======== Records for the exercise ========
(* Base point s = c: some value of p is bounded by the values of q at the
   endpoints, divided by the length of the interval. *)
Lemma slope_bound A B q p mu a b : A <= a <= b -> b <= B ->
  (forall t, A <= t <= B -> deriv_in A B q t (p t + mu * q t)) ->
  exists c, a <= c <= b /\
    Rabs (p c) * (b - a) <= exp (Rabs mu * (b - a)) * (Rabs (q a) + Rabs (q b)).
Proof.
  intros Ha Hb Hd.
  destruct (weighted_mvt A B q p mu a b Ha Hb Hd) as [c [Hc Hid]].
  exists c; split; [exact Hc|].
  specialize (Hid c). rewrite Rminus_diag, Rmult_0_r, exp_0, Rmult_1_l in Hid.
  assert (Hpc : Rabs (p c) * (b - a)
                = Rabs (exp (mu * (c - b)) * q b - exp (mu * (c - a)) * q a))
    by (rewrite Hid, Rabs_mult, (Rabs_right (b - a)); lra).
  rewrite Hpc.
  assert (Wb : exp (mu * (c - b)) <= exp (Rabs mu * (b - a)))
    by (apply exp_weight_bound; unfold Rabs; destruct Rcase_abs; lra).
  assert (Wa : exp (mu * (c - a)) <= exp (Rabs mu * (b - a)))
    by (apply exp_weight_bound; unfold Rabs; destruct Rcase_abs; lra).
  unfold Rminus at 1. eapply Rle_trans; [apply Rabs_triang|].
  rewrite Rabs_Ropp, !Rabs_mult, !(Rabs_right (exp _)) by (left; apply exp_pos).
  assert (exp (mu * (c - b)) * Rabs (q b) <= exp (Rabs mu * (b - a)) * Rabs (q b))
    by (apply Rmult_le_compat_r; [apply Rabs_pos | exact Wb]).
  assert (exp (mu * (c - a)) * Rabs (q a) <= exp (Rabs mu * (b - a)) * Rabs (q a))
    by (apply Rmult_le_compat_r; [apply Rabs_pos | exact Wa]).
  lra.
Qed.

(* Base point s = a: a bound for q at the right endpoint and for p on the
   interval gives a bound for q at the left endpoint. *)
Lemma transport_bound A B q p mu a b K : A <= a <= b -> b <= B ->
  (forall t, A <= t <= B -> deriv_in A B q t (p t + mu * q t)) ->
  (forall t, a <= t <= b -> Rabs (p t) <= K) ->
  Rabs (q a) <= exp (Rabs mu * (b - a)) * (Rabs (q b) + K * (b - a)).
Proof.
  intros Ha Hb Hd HK.
  destruct (weighted_mvt A B q p mu a b Ha Hb Hd) as [c [Hc Hid]].
  specialize (Hid a). rewrite Rminus_diag, Rmult_0_r, exp_0, Rmult_1_l in Hid.
  replace (q a) with (exp (mu * (a - b)) * q b - exp (mu * (a - c)) * p c * (b - a))
    by lra.
  assert (Wb : exp (mu * (a - b)) <= exp (Rabs mu * (b - a)))
    by (apply exp_weight_bound; unfold Rabs; destruct Rcase_abs; lra).
  assert (Wc : exp (mu * (a - c)) <= exp (Rabs mu * (b - a)))
    by (apply exp_weight_bound; unfold Rabs; destruct Rcase_abs; lra).
  unfold Rminus at 1. eapply Rle_trans; [apply Rabs_triang|].
  rewrite Rabs_Ropp, !Rabs_mult, !(Rabs_right (exp _)), (Rabs_right (b - a))
    by (apply Rle_ge; first [left; apply exp_pos | lra]).
  rewrite Rmult_plus_distr_l.
  pose proof (Rabs_pos (q b)); pose proof (Rabs_pos (p c)).
  apply Rplus_le_compat; [apply Rmult_le_compat_r; lra|].
  rewrite <- Rmult_assoc. apply Rmult_le_compat_r; [lra|].
  apply Rmult_le_compat; [left; apply exp_pos | lra | exact Wc | apply HK; lra].
Qed.

Lemma real_core A B x d mu nu M0 M2 (q0 q1 q2 : R -> R) :
  A <= x -> x + d <= B -> 0 < d ->
  (forall t, A <= t <= B -> deriv_in A B q0 t (q1 t + mu * q0 t)) ->
  (forall t, A <= t <= B -> deriv_in A B q1 t (q2 t + nu * q1 t)) ->
  (forall t, x <= t <= x + d -> Rabs (q0 t) <= M0) ->
  (forall t, x <= t <= x + d -> Rabs (q2 t) <= M2) ->
  Rabs (q1 x) <= exp ((Rabs mu + Rabs nu) * d) * (2 * M0 / d + d * M2).
Proof.
  intros Hx Hxd Hd D0 D1 B0 B2.
  destruct (slope_bound A B q0 q1 mu x (x + d)) as [xi [Hxi Hslope]];
    [lra | lra | exact D0 |].
  replace (x + d - x) with d in Hslope by ring.
  set (Em := exp (Rabs mu * d)) in *. set (En := exp (Rabs nu * d)).
  assert (HEm : 1 <= Em).
  { rewrite <- exp_0. apply exp_le_mono. pose proof (Rabs_pos mu). nra. }
  assert (M2p : 0 <= M2) by (apply Rle_trans with (Rabs (q2 x)); [apply Rabs_pos | apply B2; lra]).
  assert (Hxi_bound : Rabs (q1 xi) <= Em * (2 * M0 / d)).
  { apply Rmult_le_reg_r with d; [lra|].
    replace (Em * (2 * M0 / d) * d) with (Em * (M0 + M0)) by (field; lra).
    eapply Rle_trans; [exact Hslope|]. apply Rmult_le_compat_l; [lra|].
    apply Rplus_le_compat; apply B0; lra. }
  assert (Hback := transport_bound A B q1 q2 nu x xi M2 ltac:(lra) ltac:(lra) D1
                     ltac:(intros t Ht; apply B2; lra)).
  assert (Hw : exp (Rabs nu * (xi - x)) <= En)
    by (apply exp_le_mono; pose proof (Rabs_pos nu); nra).
  replace (exp ((Rabs mu + Rabs nu) * d) * (2 * M0 / d + d * M2))
    with (En * (Em * (2 * M0 / d + d * M2)))
    by (rewrite Rmult_plus_distr_r, exp_plus; unfold Em, En; ring).
  eapply Rle_trans; [exact Hback|].
  apply Rmult_le_compat; [left; apply exp_pos | | exact Hw |].
  - pose proof (Rabs_pos (q1 xi)); nra.
  - assert (Hd2 : 0 <= d * M2) by nra.
    assert (M2 * (xi - x) <= d * M2) by nra.
    assert (d * M2 <= Em * (d * M2)) by nra.
    rewrite Rmult_plus_distr_l. lra.
Qed.

Lemma cmod_cauchy_schwarz a b u v : Rabs (a * u + b * v) <= cmod a b * cmod u v.
Proof.
  unfold cmod. rewrite <- sqrt_mult_alt by (simpl; nra).
  rewrite <- sqrt_Rsqr_abs. apply sqrt_le_1_alt. unfold Rsqr; simpl.
  (* Lagrange's identity: the difference is (a v - b u)^2. *)
  pose proof (Rle_0_sqr (a * v - b * u)). unfold Rsqr in *. nra.
Qed.

Lemma cmod_sq a b : cmod a b * cmod a b = a * a + b * b.
Proof. unfold cmod. rewrite sqrt_sqrt by (simpl; nra). simpl; ring. Qed.

(* Complex version: project the three functions onto the direction of
   (q1r x, q1i x) and apply [real_core]. *)
Lemma complex_core A B x d mu nu M0 M2 (q0r q0i q1r q1i q2r q2i : R -> R) :
  A <= x -> x + d <= B -> 0 < d ->
  (forall t, A <= t <= B -> deriv_in A B q0r t (q1r t + mu * q0r t)) ->
  (forall t, A <= t <= B -> deriv_in A B q0i t (q1i t + mu * q0i t)) ->
  (forall t, A <= t <= B -> deriv_in A B q1r t (q2r t + nu * q1r t)) ->
  (forall t, A <= t <= B -> deriv_in A B q1i t (q2i t + nu * q1i t)) ->
  (forall t, x <= t <= x + d -> cmod (q0r t) (q0i t) <= M0) ->
  (forall t, x <= t <= x + d -> cmod (q2r t) (q2i t) <= M2) ->
  cmod (q1r x) (q1i x) <= exp ((Rabs mu + Rabs nu) * d) * (2 * M0 / d + d * M2).
Proof.
  intros Hx Hxd Hd D0r D0i D1r D1i B0 B2.
  set (a := q1r x); set (b := q1i x); set (r := cmod a b).
  set (C := exp ((Rabs mu + Rabs nu) * d) * (2 * M0 / d + d * M2)).
  set (proj := fun (ur ui : R -> R) (t : R) => a * ur t + b * ui t).
  assert (Dproj : forall ur ui vr vi lam,
    (forall t, A <= t <= B -> deriv_in A B ur t (vr t + lam * ur t)) ->
    (forall t, A <= t <= B -> deriv_in A B ui t (vi t + lam * ui t)) ->
    forall t, A <= t <= B -> deriv_in A B (proj ur ui) t (proj vr vi t + lam * proj ur ui t)).
  { intros ur ui vr vi lam Hr Hi t Ht.
    replace (proj vr vi t + lam * proj ur ui t)
      with (a * (vr t + lam * ur t) + b * (vi t + lam * ui t)) by (unfold proj; ring).
    apply deriv_in_lin; auto. }
  assert (Bproj : forall ur ui M, (forall t, x <= t <= x + d -> cmod (ur t) (ui t) <= M) ->
    forall t, x <= t <= x + d -> Rabs (proj ur ui t) <= r * M).
  { intros ur ui M HM t Ht. eapply Rle_trans; [apply cmod_cauchy_schwarz|].
    apply Rmult_le_compat_l; [apply sqrt_pos | auto]. }
  assert (Hreal : Rabs (proj q1r q1i x) <= exp ((Rabs mu + Rabs nu) * d) * (2 * (r * M0) / d + d * (r * M2)))
    by (apply (real_core A B x d mu nu _ _ (proj q0r q0i) (proj q1r q1i) (proj q2r q2i));
        auto).
  (* proj q1 x = r^2, so Hreal reads r^2 <= r C. *)
  assert (Hsq : proj q1r q1i x = r * r) by (unfold proj, r; rewrite cmod_sq; reflexivity).
  assert (Hr : 0 <= r) by apply sqrt_pos.
  assert (HC : 0 <= C).
  { unfold C. apply Rmult_le_pos; [left; apply exp_pos|].
    assert (0 <= M0) by (apply Rle_trans with (cmod (q0r x) (q0i x)); [apply sqrt_pos | apply B0; lra]).
    assert (0 <= M2) by (apply Rle_trans with (cmod (q2r x) (q2i x)); [apply sqrt_pos | apply B2; lra]).
    assert (0 <= 2 * M0 / d) by (apply Rmult_le_pos; [lra | left; apply Rinv_0_lt_compat; lra]).
    nra. }
  rewrite Hsq, Rabs_right in Hreal by nra.
  replace (exp ((Rabs mu + Rabs nu) * d) * (2 * (r * M0) / d + d * (r * M2)))
    with (r * C) in Hreal by (unfold C; field; lra).
  fold r C. nra.
Qed.

Lemma constant_bound E d M0 M2 : 0 < E -> 0 < d -> 0 <= M0 -> 0 <= M2 ->
  E * (2 * M0 / d + d * M2) <= 2 * Rmax (2 / d) d * E * (M0 + M2).
Proof.
  intros HE Hd HM0 HM2.
  pose proof (Rmax_l (2 / d) d); pose proof (Rmax_r (2 / d) d).
  replace (2 * M0 / d) with ((2 / d) * M0) by (field; lra).
  replace (2 * Rmax (2 / d) d * E * (M0 + M2)) with (E * (2 * (Rmax (2 / d) d * (M0 + M2))))
    by ring.
  apply Rmult_le_compat_l; [lra|].
  assert (0 <= 2 / d) by (apply Rmult_le_pos; [lra | left; apply Rinv_0_lt_compat; lra]).
  nra.
Qed.

Theorem mainTheorem20 (lam : nat -> R) (gamma delta x0 : R) (fr fi : R -> R) :
  0 < gamma ->
  smooth_on x0 (x0 + gamma) fr -> smooth_on x0 (x0 + gamma) fi ->
  0 < 2 * delta -> 2 * delta < gamma ->
  forall (m : nat) (D0r D0i D1r D1i D2r D2i : R -> R) (M0 M2 : R),
    Dop x0 (x0 + gamma) lam (2 * m) fr D0r ->
    Dop x0 (x0 + gamma) lam (2 * m) fi D0i ->
    Dop x0 (x0 + gamma) lam (2 * m + 1) fr D1r ->
    Dop x0 (x0 + gamma) lam (2 * m + 1) fi D1i ->
    Dop x0 (x0 + gamma) lam (2 * m + 2) fr D2r ->
    Dop x0 (x0 + gamma) lam (2 * m + 2) fi D2i ->
    is_lub (cmod_image x0 (x0 + 2 * delta) D0r D0i) M0 ->
    is_lub (cmod_image x0 (x0 + 2 * delta) D2r D2i) M2 ->
    forall x : R, x0 <= x <= x0 + delta ->
      cmod (D1r x) (D1i x) <=
        2 * Rmax (2 / delta) delta
          * exp ((Rabs (lam (2 * m)%nat) + Rabs (lam (2 * m + 1)%nat)) * delta)
          * (M0 + M2).
Proof.
  intros Hg _ _ Hd Hdg m D0r D0i D1r D1i D2r D2i M0 M2
         H0r H0i H1r H1i H2r H2i [UB0 _] [UB2 _] x Hx.
  assert (HAB : x0 < x0 + gamma) by lra.
  replace (2 * m + 2)%nat with (2 * m + 1 + 1)%nat in H2r, H2i by lia.
  assert (B0 : forall t, x <= t <= x + delta -> cmod (D0r t) (D0i t) <= M0)
    by (intros t Ht; apply UB0; exists t; split; [lra | reflexivity]).
  assert (B2 : forall t, x <= t <= x + delta -> cmod (D2r t) (D2i t) <= M2)
    by (intros t Ht; apply UB2; exists t; split; [lra | reflexivity]).
  eapply Rle_trans.
  - apply (complex_core x0 (x0 + gamma) x delta (lam (2 * m)%nat) (lam (2 * m + 1)%nat)
             M0 M2 D0r D0i D1r D1i D2r D2i);
      try lra; try assumption; eapply Dop_deriv_succ; eassumption.
  - apply constant_bound; [apply exp_pos | lra | |].
    + apply Rle_trans with (cmod (D0r x) (D0i x)); [apply sqrt_pos | apply B0; lra].
    + apply Rle_trans with (cmod (D2r x) (D2i x)); [apply sqrt_pos | apply B2; lra].
Qed.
========
> Problem description
Using only the listing above, restate exactly the lines from the line containing "assert (Hxi_bound : Rabs" through the line containing "nu * q1i t)) ->", both included.

> Answer for this exercise
  assert (Hxi_bound : Rabs (q1 xi) <= Em * (2 * M0 / d)).
  { apply Rmult_le_reg_r with d; [lra|].
    replace (Em * (2 * M0 / d) * d) with (Em * (M0 + M0)) by (field; lra).
    eapply Rle_trans; [exact Hslope|]. apply Rmult_le_compat_l; [lra|].
    apply Rplus_le_compat; apply B0; lra. }
  assert (Hback := transport_bound A B q1 q2 nu x xi M2 ltac:(lra) ltac:(lra) D1
                     ltac:(intros t Ht; apply B2; lra)).
  assert (Hw : exp (Rabs nu * (xi - x)) <= En)
    by (apply exp_le_mono; pose proof (Rabs_pos nu); nra).
  replace (exp ((Rabs mu + Rabs nu) * d) * (2 * M0 / d + d * M2))
    with (En * (Em * (2 * M0 / d + d * M2)))
    by (rewrite Rmult_plus_distr_r, exp_plus; unfold Em, En; ring).
  eapply Rle_trans; [exact Hback|].
  apply Rmult_le_compat; [left; apply exp_pos | | exact Hw |].
  - pose proof (Rabs_pos (q1 xi)); nra.
  - assert (Hd2 : 0 <= d * M2) by nra.
    assert (M2 * (xi - x) <= d * M2) by nra.
    assert (d * M2 <= Em * (d * M2)) by nra.
    rewrite Rmult_plus_distr_l. lra.
Qed.

Lemma cmod_cauchy_schwarz a b u v : Rabs (a * u + b * v) <= cmod a b * cmod u v.
Proof.
  unfold cmod. rewrite <- sqrt_mult_alt by (simpl; nra).
  rewrite <- sqrt_Rsqr_abs. apply sqrt_le_1_alt. unfold Rsqr; simpl.
  (* Lagrange's identity: the difference is (a v - b u)^2. *)
  pose proof (Rle_0_sqr (a * v - b * u)). unfold Rsqr in *. nra.
Qed.

Lemma cmod_sq a b : cmod a b * cmod a b = a * a + b * b.
Proof. unfold cmod. rewrite sqrt_sqrt by (simpl; nra). simpl; ring. Qed.

(* Complex version: project the three functions onto the direction of
   (q1r x, q1i x) and apply [real_core]. *)
Lemma complex_core A B x d mu nu M0 M2 (q0r q0i q1r q1i q2r q2i : R -> R) :
  A <= x -> x + d <= B -> 0 < d ->
  (forall t, A <= t <= B -> deriv_in A B q0r t (q1r t + mu * q0r t)) ->
  (forall t, A <= t <= B -> deriv_in A B q0i t (q1i t + mu * q0i t)) ->
  (forall t, A <= t <= B -> deriv_in A B q1r t (q2r t + nu * q1r t)) ->
  (forall t, A <= t <= B -> deriv_in A B q1i t (q2i t + nu * q1i t)) ->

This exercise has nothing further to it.